(* Existence of a binary expansion of every y in [0,1], by the greedy
   algorithm: [greedy_sum y n] is the largest dyadic of the form
   0.d_1...d_n not exceeding y, and [greedy_digit y] its digits. *)
Fixpoint greedy_sum (y : R) (n : nat) : R :=
  match n with
  | O => 0
  | S n' => if Rle_dec (greedy_sum y n' + (/2)^(S n')) y
            then greedy_sum y n' + (/2)^(S n') else greedy_sum y n'
  end.

Definition greedy_digit (y : R) (i : nat) : bool :=
  if Rle_dec (greedy_sum y i + (/2)^(S i)) y then true else false.

Lemma psum_greedy_digit y n : psum (digit_term (greedy_digit y)) n = greedy_sum y n.
Proof.
  induction n as [|n IH]; simpl; [reflexivity|]. rewrite IH. unfold digit_term, greedy_digit.
  change ((/2)^(S n)) with (/2 * (/2)^n).
  destruct (Rle_dec (greedy_sum y n + /2 * (/2)^n) y); simpl; ring.
Qed.

Lemma greedy_sum_bounds y n : 0 <= y <= 1 -> greedy_sum y n <= y <= greedy_sum y n + (/2)^n.
Proof.
  intros Hy. induction n as [|n IH]; simpl; [lra|].
  destruct (Rle_dec (greedy_sum y n + / 2 * (/ 2) ^ n) y); lra.
Qed.

Lemma binary_expansion y : 0 <= y <= 1 -> exists U, val_inf U = y.
Proof.
  intros Hy. exists (greedy_digit y).
  assert (Hclose : forall L, Rabs (val_inf (greedy_digit y) - y) <= (/2)^L).
  { intros L. pose proof (proj1 (proj2 (val_inf_series (greedy_digit y))) L) as Hp.
    pose proof (val_inf_split (greedy_digit y) L) as Hs.
    rewrite psum_greedy_digit in Hp, Hs.
    pose proof (half_pow_scaled_bounds L _ (val_inf_bounds (fun i => greedy_digit y (L + i)%nat))).
    pose proof (greedy_sum_bounds y L Hy). apply Rabs_le. lra. }
  assert (Rabs (val_inf (greedy_digit y) - y) <= 0) by (apply nonpos_of_le_half_pow; exact Hclose).
  pose proof (Rabs_pos (val_inf (greedy_digit y) - y)).
  apply Rminus_diag_uniq, Rabs_eq_0. lra.
Qed.

Definition concat_term (sigma : list bool -> list bool) (b : nat -> list bool) (j : nat) : R :=
  (/2)^(pref_len sigma b j) * val_fin (sigma (b j)).

Definition concat_prefix (sigma : list bool -> list bool) (b : nat -> list bool) (J : nat)
  : list bool := concat (map (fun j => sigma (b j)) (seq 0 J)).

Lemma concat_prefix_succ sigma b J :
  concat_prefix sigma b (S J) = concat_prefix sigma b J ++ sigma (b J).
Proof.
  unfold concat_prefix. rewrite seq_S, map_app, concat_app. simpl. rewrite app_nil_r. reflexivity.
Qed.

Lemma length_concat_prefix sigma b J : length (concat_prefix sigma b J) = pref_len sigma b J.
Proof.
  induction J as [|J IH]; [reflexivity|].
  rewrite concat_prefix_succ, length_app, IH. reflexivity.
Qed.

Lemma psum_concat_term sigma b J : psum (concat_term sigma b) J = val_fin (concat_prefix sigma b J).
Proof.
  induction J as [|J IH]; [reflexivity|]. simpl. rewrite IH, concat_prefix_succ, val_fin_app.
  rewrite length_concat_prefix. reflexivity.
Qed.

Lemma concat_term_nonneg sigma b j : 0 <= concat_term sigma b j.
Proof.
  unfold concat_term. apply Rmult_le_pos; [left; apply half_pow_pos|apply val_fin_bounds].
Qed.

Lemma val_concat_series sigma b M : (forall J, psum (concat_term sigma b) J <= M) ->
  (forall J, psum (concat_term sigma b) J <= val_concat sigma b) /\ val_concat sigma b <= M.
Proof.
  intros HM. destruct (series_nonneg_bounded (concat_term sigma b) M) as [_ H];
    [apply concat_term_nonneg|exact HM|exact H].
Qed.

Lemma val_concat_bounds sigma b : 0 <= val_concat sigma b <= 1.
Proof.
  destruct (val_concat_series sigma b 1) as [H1 H2].
  - intros n. rewrite psum_concat_term. pose proof (val_fin_bounds (concat_prefix sigma b n)).
    pose proof (half_pow_pos (length (concat_prefix sigma b n))). lra.
  - specialize (H1 O). simpl in H1. lra.
Qed.

(* [spells sigma b T]: the infinite word T is the concatenation
   sigma(b_0) sigma(b_1) ..., and this concatenation is infinite. *)
Definition spells (sigma : list bool -> list bool) (b : nat -> list bool) (T : nat -> bool)
  : Prop :=
  (forall j m, (m < length (sigma (b j)))%nat ->
     T (pref_len sigma b j + m)%nat = nth m (sigma (b j)) false) /\
  (forall N, exists j, (N <= pref_len sigma b j)%nat).

Lemma map_seq_nth (T : nat -> bool) P l :
  (forall m, (m < length l)%nat -> T (P + m)%nat = nth m l false) ->
  map T (seq P (length l)) = l.
Proof.
  intros H. apply nth_ext with false false; rewrite length_map, length_seq; [reflexivity|].
  intros n Hn. rewrite (nth_indep _ false (T 0%nat)) by (rewrite length_map, length_seq; lia).
  rewrite map_nth, seq_nth by lia. apply H. exact Hn.
Qed.

Lemma concat_prefix_spelled sigma b T : spells sigma b T ->
  forall J, concat_prefix sigma b J = map T (seq 0 (pref_len sigma b J)).
Proof.
  intros [Hm _] J. induction J as [|J IH]; [reflexivity|].
  rewrite concat_prefix_succ, IH. simpl pref_len. rewrite seq_app, map_app. simpl. f_equal.
  symmetry. apply map_seq_nth. intros m Hm'. apply Hm. exact Hm'.
Qed.

Lemma val_concat_spells sigma b T : spells sigma b T -> val_concat sigma b = val_inf T.
Proof.
  intros HR.
  assert (Hps : forall J, psum (concat_term sigma b) J = psum (digit_term T) (pref_len sigma b J)).
  { intros J. rewrite psum_concat_term, (concat_prefix_spelled _ _ _ HR), val_fin_prefix.
    reflexivity. }
  destruct (val_concat_series sigma b (val_inf T)) as [Hlow Hup].
  { intros n. rewrite Hps. apply (val_inf_series T). }
  assert (val_inf T - val_concat sigma b <= 0); [|lra].
  apply nonpos_of_le_half_pow. intros L.
  destruct (proj2 HR L) as [J HJ].
  pose proof (val_inf_split T L).
  pose proof (half_pow_scaled_bounds L _ (val_inf_bounds (fun i => T (L + i)%nat))).
  pose proof (psum_mono (digit_term T) _ _ (digit_term_nonneg T) HJ).
  specialize (Hlow J). rewrite Hps in Hlow. lra.
Qed.

Definition bcons (a : list bool) (b : nat -> list bool) : nat -> list bool :=
  fun j => match j with O => a | S j' => b j' end.

Lemma pref_len_bcons sigma a b j :
  pref_len sigma (bcons a b) (S j) = (length (sigma a) + pref_len sigma b j)%nat.
Proof. induction j as [|j IH]; simpl in *; lia. Qed.

Lemma spells_bcons sigma a b T :
  spells sigma b T -> spells sigma (bcons a b) (app_inf (sigma a) T).
Proof.
  intros [Hm Hu]. split.
  - intros [|j] m Hlt; unfold app_inf.
    + simpl in *. destruct (Nat.ltb_spec m (length (sigma a))); [reflexivity|lia].
    + rewrite pref_len_bcons. simpl bcons in *.
      destruct (Nat.ltb_spec (length (sigma a) + pref_len sigma b j + m) (length (sigma a)));
        [lia|].
      rewrite <- Hm by exact Hlt. f_equal. lia.
  - intros N. destruct (Hu N) as [j Hj]. exists (S j). rewrite pref_len_bcons. lia.
Qed.

Lemma map_nth_seq (l : list bool) k : length l = k -> map (fun t => nth t l false) (seq 0 k) = l.
Proof.
  intros H. subst k. apply map_seq_nth. intros m _. reflexivity.
Qed.

Lemma div_mod_block k j t : (t < k)%nat -> ((k * j + t) / k = j /\ (k * j + t) mod k = t)%nat.
Proof.
  intros H. split; symmetry; [apply Nat.div_unique with t|apply Nat.mod_unique with j]; lia.
Qed.

Lemma block_app k a W : length a = k -> block k (app_inf a W) = bcons a (block k W).
Proof.
  intros Ha. apply functional_extensionality. intros [|j]; unfold block; simpl.
  - rewrite <- (map_nth_seq a k Ha) at 1. apply map_ext_in. intros t Ht.
    apply in_seq in Ht. unfold app_inf. rewrite Nat.mul_0_r. simpl.
    destruct (Nat.ltb_spec t (length a)); [reflexivity|lia].
  - apply map_ext_in. intros t Ht. apply in_seq in Ht. unfold app_inf.
    destruct (Nat.ltb_spec (k * S j + t) (length a)); [nia|]. f_equal. nia.
Qed.

Lemma chunks_aux_fuel k : (1 <= k)%nat -> forall f1 f2 w,
  (length w <= f1)%nat -> (length w <= f2)%nat -> chunks_aux f1 k w = chunks_aux f2 k w.
Proof.
  intros Hk f1. induction f1 as [|f1 IH]; intros f2 w H1 H2.
  - destruct w; simpl in *; [destruct f2; reflexivity|lia].
  - destruct w as [|x w']; [destruct f2; reflexivity|].
    destruct f2 as [|f2]; simpl in *; [lia|]. f_equal.
    apply IH; rewrite length_skipn; simpl length in *; lia.
Qed.

Lemma sigma_fin_app k sigma a r : (1 <= k)%nat -> length a = k ->
  sigma_fin k sigma (a ++ r) = sigma a ++ sigma_fin k sigma r.
Proof.
  intros Hk Ha. unfold sigma_fin, chunks.
  assert (Hfirst : chunks_aux (length (a ++ r)) k (a ++ r) =
     firstn k (a ++ r) :: chunks_aux (length (a ++ r) - 1) k (skipn k (a ++ r))).
  { destruct a as [|x a']; [simpl in Ha; lia|]. simpl. rewrite Nat.sub_0_r. reflexivity. }
  rewrite Hfirst, firstn_app, skipn_app, firstn_all2, skipn_all2 by lia.
  rewrite Ha, Nat.sub_diag. simpl. rewrite app_nil_r. do 3 f_equal.
  apply chunks_aux_fuel; [lia|rewrite length_app; lia|lia].
Qed.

(Work instructions): Leave out every line before the one containing "- intros N. destruct"; set down that line and all remaining lines of the material exactly.

(Answer to this task):
  - intros N. destruct (Hu N) as [j Hj]. exists (S j). rewrite pref_len_bcons. lia.
Qed.

Lemma map_nth_seq (l : list bool) k : length l = k -> map (fun t => nth t l false) (seq 0 k) = l.
Proof.
  intros H. subst k. apply map_seq_nth. intros m _. reflexivity.
Qed.

Lemma div_mod_block k j t : (t < k)%nat -> ((k * j + t) / k = j /\ (k * j + t) mod k = t)%nat.
Proof.
  intros H. split; symmetry; [apply Nat.div_unique with t|apply Nat.mod_unique with j]; lia.
Qed.

Lemma block_app k a W : length a = k -> block k (app_inf a W) = bcons a (block k W).
Proof.
  intros Ha. apply functional_extensionality. intros [|j]; unfold block; simpl.
  - rewrite <- (map_nth_seq a k Ha) at 1. apply map_ext_in. intros t Ht.
    apply in_seq in Ht. unfold app_inf. rewrite Nat.mul_0_r. simpl.
    destruct (Nat.ltb_spec t (length a)); [reflexivity|lia].
  - apply map_ext_in. intros t Ht. apply in_seq in Ht. unfold app_inf.
    destruct (Nat.ltb_spec (k * S j + t) (length a)); [nia|]. f_equal. nia.
Qed.

Lemma chunks_aux_fuel k : (1 <= k)%nat -> forall f1 f2 w,
  (length w <= f1)%nat -> (length w <= f2)%nat -> chunks_aux f1 k w = chunks_aux f2 k w.
Proof.
  intros Hk f1. induction f1 as [|f1 IH]; intros f2 w H1 H2.
  - destruct w; simpl in *; [destruct f2; reflexivity|lia].
  - destruct w as [|x w']; [destruct f2; reflexivity|].
    destruct f2 as [|f2]; simpl in *; [lia|]. f_equal.
    apply IH; rewrite length_skipn; simpl length in *; lia.
Qed.

Lemma sigma_fin_app k sigma a r : (1 <= k)%nat -> length a = k ->
  sigma_fin k sigma (a ++ r) = sigma a ++ sigma_fin k sigma r.
Proof.
  intros Hk Ha. unfold sigma_fin, chunks.
  assert (Hfirst : chunks_aux (length (a ++ r)) k (a ++ r) =
     firstn k (a ++ r) :: chunks_aux (length (a ++ r) - 1) k (skipn k (a ++ r))).
  { destruct a as [|x a']; [simpl in Ha; lia|]. simpl. rewrite Nat.sub_0_r. reflexivity. }
  rewrite Hfirst, firstn_app, skipn_app, firstn_all2, skipn_all2 by lia.
  rewrite Ha, Nat.sub_diag. simpl. rewrite app_nil_r. do 3 f_equal.
  apply chunks_aux_fuel; [lia|rewrite length_app; lia|lia].
Qed.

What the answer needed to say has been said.